Supplied data
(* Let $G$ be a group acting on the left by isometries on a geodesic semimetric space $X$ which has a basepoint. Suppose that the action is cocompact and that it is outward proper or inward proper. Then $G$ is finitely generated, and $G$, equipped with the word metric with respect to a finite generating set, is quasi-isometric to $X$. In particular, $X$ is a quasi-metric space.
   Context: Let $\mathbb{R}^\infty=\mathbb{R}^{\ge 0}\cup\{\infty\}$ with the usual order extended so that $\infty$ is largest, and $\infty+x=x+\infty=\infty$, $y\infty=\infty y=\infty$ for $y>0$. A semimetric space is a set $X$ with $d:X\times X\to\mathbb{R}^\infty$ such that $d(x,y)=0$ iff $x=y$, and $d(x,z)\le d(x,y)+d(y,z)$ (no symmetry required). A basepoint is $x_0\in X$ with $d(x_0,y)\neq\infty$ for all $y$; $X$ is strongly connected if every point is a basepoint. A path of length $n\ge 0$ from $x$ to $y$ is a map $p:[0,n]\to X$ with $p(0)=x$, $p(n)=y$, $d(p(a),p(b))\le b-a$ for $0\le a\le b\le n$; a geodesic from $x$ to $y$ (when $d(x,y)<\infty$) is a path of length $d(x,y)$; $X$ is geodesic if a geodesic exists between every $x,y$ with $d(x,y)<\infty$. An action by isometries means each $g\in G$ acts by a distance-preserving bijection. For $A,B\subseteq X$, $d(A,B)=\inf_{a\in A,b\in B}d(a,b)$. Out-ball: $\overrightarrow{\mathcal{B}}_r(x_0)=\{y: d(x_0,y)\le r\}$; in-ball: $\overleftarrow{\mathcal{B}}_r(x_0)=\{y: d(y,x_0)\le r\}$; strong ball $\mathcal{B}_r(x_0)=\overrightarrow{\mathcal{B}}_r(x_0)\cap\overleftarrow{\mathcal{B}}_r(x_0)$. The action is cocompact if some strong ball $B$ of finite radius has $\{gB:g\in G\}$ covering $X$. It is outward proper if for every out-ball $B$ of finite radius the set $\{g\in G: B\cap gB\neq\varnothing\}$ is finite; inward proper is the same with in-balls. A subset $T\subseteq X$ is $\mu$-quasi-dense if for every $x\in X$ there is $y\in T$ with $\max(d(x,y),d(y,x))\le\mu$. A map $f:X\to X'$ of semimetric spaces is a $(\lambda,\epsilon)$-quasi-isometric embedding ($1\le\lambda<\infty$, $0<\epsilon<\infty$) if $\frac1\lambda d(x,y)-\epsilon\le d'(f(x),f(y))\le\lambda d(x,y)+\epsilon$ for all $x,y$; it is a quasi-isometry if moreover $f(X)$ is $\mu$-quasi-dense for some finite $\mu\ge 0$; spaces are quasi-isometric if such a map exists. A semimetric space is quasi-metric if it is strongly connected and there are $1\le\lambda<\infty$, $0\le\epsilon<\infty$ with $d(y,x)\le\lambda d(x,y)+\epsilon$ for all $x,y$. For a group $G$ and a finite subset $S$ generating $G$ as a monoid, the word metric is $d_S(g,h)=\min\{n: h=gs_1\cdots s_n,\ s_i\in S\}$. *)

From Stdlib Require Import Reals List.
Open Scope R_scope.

---

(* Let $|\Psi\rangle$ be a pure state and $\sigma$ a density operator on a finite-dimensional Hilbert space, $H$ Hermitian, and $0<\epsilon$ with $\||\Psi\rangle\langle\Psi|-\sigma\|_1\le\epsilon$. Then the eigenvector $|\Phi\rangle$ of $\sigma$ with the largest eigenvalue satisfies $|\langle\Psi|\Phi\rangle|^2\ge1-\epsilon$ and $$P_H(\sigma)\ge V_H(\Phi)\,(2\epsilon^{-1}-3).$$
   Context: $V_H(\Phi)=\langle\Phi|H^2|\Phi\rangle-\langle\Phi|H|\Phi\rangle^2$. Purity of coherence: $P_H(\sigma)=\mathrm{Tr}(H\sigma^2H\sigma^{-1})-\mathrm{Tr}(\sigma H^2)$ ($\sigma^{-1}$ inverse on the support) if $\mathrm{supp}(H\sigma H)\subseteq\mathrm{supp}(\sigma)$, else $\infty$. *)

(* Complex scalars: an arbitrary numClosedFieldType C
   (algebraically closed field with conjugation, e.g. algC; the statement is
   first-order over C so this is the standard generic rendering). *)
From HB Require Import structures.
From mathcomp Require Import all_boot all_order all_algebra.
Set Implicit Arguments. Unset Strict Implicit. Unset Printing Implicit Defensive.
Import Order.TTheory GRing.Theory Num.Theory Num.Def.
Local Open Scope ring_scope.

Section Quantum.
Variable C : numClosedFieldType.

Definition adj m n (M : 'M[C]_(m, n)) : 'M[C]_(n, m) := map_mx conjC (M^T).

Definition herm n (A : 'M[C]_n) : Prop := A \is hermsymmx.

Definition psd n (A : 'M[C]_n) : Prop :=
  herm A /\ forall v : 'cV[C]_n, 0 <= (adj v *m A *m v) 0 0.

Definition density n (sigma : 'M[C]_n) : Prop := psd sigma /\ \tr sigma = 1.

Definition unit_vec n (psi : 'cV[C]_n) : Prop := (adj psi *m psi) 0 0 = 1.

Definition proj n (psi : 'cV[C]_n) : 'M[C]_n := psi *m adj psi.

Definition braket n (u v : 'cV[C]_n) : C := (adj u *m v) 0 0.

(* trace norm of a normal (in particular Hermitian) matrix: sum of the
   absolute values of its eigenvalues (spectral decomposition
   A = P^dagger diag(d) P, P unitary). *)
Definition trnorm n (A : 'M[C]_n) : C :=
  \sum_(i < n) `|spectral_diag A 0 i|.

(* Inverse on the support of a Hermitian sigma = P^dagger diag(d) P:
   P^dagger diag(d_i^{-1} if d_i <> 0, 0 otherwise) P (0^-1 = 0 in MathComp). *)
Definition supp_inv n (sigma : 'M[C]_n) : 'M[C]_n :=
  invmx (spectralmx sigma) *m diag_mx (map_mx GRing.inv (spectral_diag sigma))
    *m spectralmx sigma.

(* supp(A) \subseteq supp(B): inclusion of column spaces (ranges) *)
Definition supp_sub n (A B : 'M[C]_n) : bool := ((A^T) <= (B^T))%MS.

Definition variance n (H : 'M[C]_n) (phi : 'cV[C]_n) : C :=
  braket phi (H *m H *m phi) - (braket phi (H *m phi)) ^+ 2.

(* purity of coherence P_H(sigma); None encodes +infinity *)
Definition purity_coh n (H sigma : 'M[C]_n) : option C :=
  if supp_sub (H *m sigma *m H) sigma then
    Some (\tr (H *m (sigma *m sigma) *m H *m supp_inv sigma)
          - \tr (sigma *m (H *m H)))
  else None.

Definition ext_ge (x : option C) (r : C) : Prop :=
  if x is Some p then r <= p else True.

Task to complete
Only the lines above from the line with "Local Open Scope ring_scope." to the line with "if x is Some p then r <= p else True.", those two lines included, should be reproduced exactly.

Response
Local Open Scope ring_scope.

Section Quantum.
Variable C : numClosedFieldType.

Definition adj m n (M : 'M[C]_(m, n)) : 'M[C]_(n, m) := map_mx conjC (M^T).

Definition herm n (A : 'M[C]_n) : Prop := A \is hermsymmx.

Definition psd n (A : 'M[C]_n) : Prop :=
  herm A /\ forall v : 'cV[C]_n, 0 <= (adj v *m A *m v) 0 0.

Definition density n (sigma : 'M[C]_n) : Prop := psd sigma /\ \tr sigma = 1.

Definition unit_vec n (psi : 'cV[C]_n) : Prop := (adj psi *m psi) 0 0 = 1.

Definition proj n (psi : 'cV[C]_n) : 'M[C]_n := psi *m adj psi.

Definition braket n (u v : 'cV[C]_n) : C := (adj u *m v) 0 0.

(* trace norm of a normal (in particular Hermitian) matrix: sum of the
   absolute values of its eigenvalues (spectral decomposition
   A = P^dagger diag(d) P, P unitary). *)
Definition trnorm n (A : 'M[C]_n) : C :=
  \sum_(i < n) `|spectral_diag A 0 i|.

(* Inverse on the support of a Hermitian sigma = P^dagger diag(d) P:
   P^dagger diag(d_i^{-1} if d_i <> 0, 0 otherwise) P (0^-1 = 0 in MathComp). *)
Definition supp_inv n (sigma : 'M[C]_n) : 'M[C]_n :=
  invmx (spectralmx sigma) *m diag_mx (map_mx GRing.inv (spectral_diag sigma))
    *m spectralmx sigma.

(* supp(A) \subseteq supp(B): inclusion of column spaces (ranges) *)
Definition supp_sub n (A B : 'M[C]_n) : bool := ((A^T) <= (B^T))%MS.

Definition variance n (H : 'M[C]_n) (phi : 'cV[C]_n) : C :=
  braket phi (H *m H *m phi) - (braket phi (H *m phi)) ^+ 2.

(* purity of coherence P_H(sigma); None encodes +infinity *)
Definition purity_coh n (H sigma : 'M[C]_n) : option C :=
  if supp_sub (H *m sigma *m H) sigma then
    Some (\tr (H *m (sigma *m sigma) *m H *m supp_inv sigma)
          - \tr (sigma *m (H *m H)))
  else None.

Definition ext_ge (x : option C) (r : C) : Prop :=
  if x is Some p then r <= p else True.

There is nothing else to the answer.